- Возможно, он все-таки француз?
- С именем Фелиц Сервантес?
- Мы не знаем также, настоящее ли это его имя.
- По документам можно узнать его настоящее имя, - сказал Таппинджер.
- Но в его папке их нет. Предполагалось, что он поступил в Латиноамериканский Государственный колледж до того, как он оказался здесь. Может быть, они могут нам помочь?
- Я выясню. Мой прежний студент преподает на французском факультете в этом колледже.
- Я могу связаться с ним. Как его имя?
- Аллан Бош, - он назвал имя по буквам. - Но я думаю, что будет лучше, если я сам свяжусь с ним. Мы, университетские преподаватели, имеем определенные, я бы сказал, подходы, когда разговариваем о наших студентах.
- Когда я могу узнать результаты ваших разговоров?
- Завтра утром. Сегодня я очень занят. Моя жена ждет меня к обеду, а я еще должен вернуться обратно, чтобы просмотреть свои записи к двухчасовому уроку.

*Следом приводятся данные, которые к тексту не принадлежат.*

(* Formal L-combinations sum_i c_i [a_i] of elements of K are lists of
   pairs (c_i, a_i).  [pairing v] is the functional of v, [cform] the
   bilinear form induced by f, and [cnorm] the formal norm. *)
Definition pairing (v : seq (L * K)) (b : K) : L := \sum_(p <- v) p.1 * f p.2 b.

Definition cform (v w : seq (L * K)) : L := \sum_(p <- w) p.1 * pairing v p.2.

Fixpoint cnorm (v : seq (L * K)) : L :=
  if v is p :: v' then p.1 ^+ 2 * q p.2 + p.1 * pairing v' p.2 + cnorm v' else 0.

Definition cscale (c : L) (v : seq (L * K)) : seq (L * K) :=
  [seq (c * p.1, p.2) | p <- v].

Definition cmul_term (u : L * K) (w : seq (L * K)) : seq (L * K) :=
  [seq (u.1 * s.1, u.2 ** s.2) | s <- w].

Definition cmul (v w : seq (L * K)) : seq (L * K) :=
  [seq (p.1 * s.1, p.2 ** s.2) | p <- v, s <- w].

Lemma cmul_cons u v w : cmul (u :: v) w = cmul_term u w ++ cmul v w.
Proof. by []. Qed.

Lemma pairing_nil b : pairing [::] b = 0.
Proof. by rewrite /pairing big_nil. Qed.

Lemma pairing_cons p v b : pairing (p :: v) b = p.1 * f p.2 b + pairing v b.
Proof. by rewrite /pairing big_cons. Qed.

Lemma pairing_cat v w b : pairing (v ++ w) b = pairing v b + pairing w b.
Proof. by rewrite /pairing big_cat. Qed.

Lemma pairing_scale c v b : pairing (cscale c v) b = c * pairing v b.
Proof. by rewrite /pairing big_map mulr_sumr; apply: eq_bigr => p _ /=; ring. Qed.

Lemma pairing_cmul_term u w b :
  pairing (cmul_term u w) b = u.1 * \sum_(s <- w) s.1 * f (u.2 ** s.2) b.
Proof. by rewrite /pairing big_map mulr_sumr; apply: eq_bigr => s _ /=; ring. Qed.

Lemma cform_nill w : cform [::] w = 0.
Proof. by rewrite /cform big1 // => p _; rewrite pairing_nil mulr0. Qed.

Lemma cform_nilr v : cform v [::] = 0.
Proof. by rewrite /cform big_nil. Qed.

Lemma cform_consr v p w : cform v (p :: w) = p.1 * pairing v p.2 + cform v w.
Proof. by rewrite /cform big_cons. Qed.

Lemma cform_catr v w w' : cform v (w ++ w') = cform v w + cform v w'.
Proof. by rewrite /cform big_cat. Qed.

Lemma cform_sym v w : cform v w = cform w v.
Proof.
rewrite /cform /pairing.
under eq_bigr => p _ do rewrite mulr_sumr.
rewrite exchange_big; apply: eq_bigr => s _; rewrite mulr_sumr.
by apply: eq_bigr => p _; rewrite qpolarC; ring.
Qed.

Lemma cform_consl p v w : cform (p :: v) w = p.1 * pairing w p.2 + cform v w.
Proof. by rewrite cform_sym cform_consr cform_sym. Qed.

Lemma cnorm_cat v w : cnorm (v ++ w) = cnorm v + cnorm w + cform v w.
Proof.
elim: v => [|p v IH] /=; first by rewrite cform_nill; ring.
by rewrite pairing_cat IH cform_consl; ring.
Qed.

Lemma cnorm_scale c v : cnorm (cscale c v) = c ^+ 2 * cnorm v.
Proof. by elim: v => [|p v IH] /=; [ring | rewrite pairing_scale IH; ring]. Qed.

Lemma pairing_cmul v w b :
  pairing (cmul v w) b = \sum_(p <- v) \sum_(s <- w) p.1 * s.1 * f (p.2 ** s.2) b.
Proof. by rewrite /pairing /cmul big_allpairs_dep. Qed.

(* The functional of a product only depends on the functional of each
   factor: f(ab, x) = f(a, x) f(b, 1) - f(a, x b) and symmetrically. *)
Lemma pairing_cmulL v w b :
  pairing (cmul v w) b = \sum_(s <- w) s.1 * (f s.2 one * pairing v b - pairing v (b ** s.2)).
Proof.
rewrite pairing_cmul exchange_big; apply: eq_bigr => s _ /=.
rewrite /pairing mulr_sumr -sumrB mulr_sumr; apply: eq_bigr => p _ /=.
have := qpolar_exchange p.2 s.2 b one; rewrite !na_mulr1 => exch.
have -> : f (p.2 ** s.2) b = f p.2 b * f s.2 one - f p.2 (b ** s.2).
  by rewrite -exch; ring.
by ring.
Qed.

Lemma pairing_cmulR v w b :
  pairing (cmul v w) b = \sum_(p <- v) p.1 * (f p.2 one * pairing w b - pairing w (p.2 ** b)).
Proof.
rewrite pairing_cmul; apply: eq_bigr => p _ /=.
rewrite /pairing mulr_sumr -sumrB mulr_sumr; apply: eq_bigr => s _ /=.
have := qpolar_exchange p.2 s.2 one b; rewrite !na_mul1r => exch.
have -> : f (p.2 ** s.2) b = f p.2 one * f s.2 b - f s.2 (p.2 ** b).
  by rewrite -exch [f (p.2 ** b) s.2]qpolarC; ring.
by ring.
Qed.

Вероятно, на моем лице мелькнула тень неудовольствия, так как он добавил:
- Послушайте, старина, пойдемте ко мне обедать.
- Я не могу.
- Но я настаиваю. Бесс будет просить также. Вы ей очень понравились. Кроме того, она может вспомнить что-то и о Сервантесе, что я позабыл. Помнится, он произвел на нее впечатление, когда был у нас в гостях. А люди, признаться, не мое ремесло.
Я сказал, что встретимся у него дома. По пути я купил бутылку розового шампанского. Мой брифкейс начал разваливаться.
Бесс Таппинджер была в хорошеньком голубом платье, с напомаженными только что губами и в облаке духов. Мне не понравился игривый огонек в ее глазах, и я начал испытывать сожаление по поводу бутылки с розовым шампанским. Она взяла бутылку из моих рук с таким видом, будто собиралась разбить ее о корпус судна.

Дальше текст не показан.